On Mon, Jan 18, 2016 at 3:51 AM, Florian Weimer fweimer@redhat.com wrote:
On 01/18/2016 11:02 AM, Nikos Mavrogiannopoulos wrote:
As Florian suggested it makes more sense to compartmentalize chrony so that only a small controlled part of it needs to run with seccomp. My recommendation, if you want to use libraries in the filtered code, make their authors aware of that, so that they document any changes in the used system calls, and if possible ask them to document the existing system calls used (e.g., similarly to: http://www.gnutls.org/manual/html_node/Running-in-a-sandbox.html )
Interesting. There is one huge caveat:
| As well as an calls needed for memory allocation to work.
glibc malloc can basically call *anything*. We don't know what the future will bring.
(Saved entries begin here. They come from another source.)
Definition step (x : state) : state :=
  match tile_exit (tile_at x.1) x.2 with
  | Some s' => next_enter x.1 s'
  | None => x
  end.

Definition valid_state (x : state) : Prop := x.1 < n /\ has_end x.

(* the same strand traversed in the opposite direction *)
Definition rev_state (x : state) : state :=
  (x.1, odflt x.2 (tile_exit (tile_at x.1) x.2)).

(* the orbit of x0 (of period L) is a single closed component which traverses
   every strand of the mosaic: the closure diagram is a knot diagram *)
Definition knot_trace (x0 : state) (L : nat) : Prop :=
  [/\ 0 < L, valid_state x0, iter L step x0 = x0,
      (forall k, 0 < k < L -> iter k step x0 <> x0) &
      (forall y, valid_state y ->
         (exists2 k, k < L & iter k step x0 = y) \/
         (exists2 k, k < L & iter k step x0 = rev_state y))].

Definition visits (x0 : state) (L : nat) (y : state) : bool :=
  has (fun k => iter k step x0 == y) (iota 0 L).

(* sign of the crossing in tile i, for the orientation given by the trace:
   with direction vectors d_over, d_under, positive iff det(d_over,d_under)>0 *)
Definition crossing_sign (x0 : state) (L : nat) (i : nat) : bool :=
  let east := visits x0 L (i, SW) in
  let north := visits x0 L (i, SS) in
  match tile_at i with
  | T9 => east != north
  | _ => east == north
  end.

Definition is_vertical (s : side) : bool :=
  match s with SN | SS => true | _ => false end.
Currently, we use (off the top of my head, I haven't checked):
- sbrk
- mmap
- mprotect
- munmap
- mremap
- madvise
- futex
- open
- read
- close
(In some cases, there is some sort of fallback, or errors are ignored and the optimization does not happen.)
Future versions might reasonably use:
- sched_getcpu
- clone
- clock_gettime
- more open/read/close
- readlink
- whatever system calls are used for memory protection keys
- whatever system calls are used for restartable sequences
I appreciate what you are trying to do, but those seccomp filters totally break encapsulation. I have no idea how to support this properly, in a sustainable way. It appears very difficult to do this for independently evolving libraries.
The sandstorm approach is striaghtforward: the disallowed things return -ENOSYS. glibc can handle that quite nicely, as long as you let existing stuff through.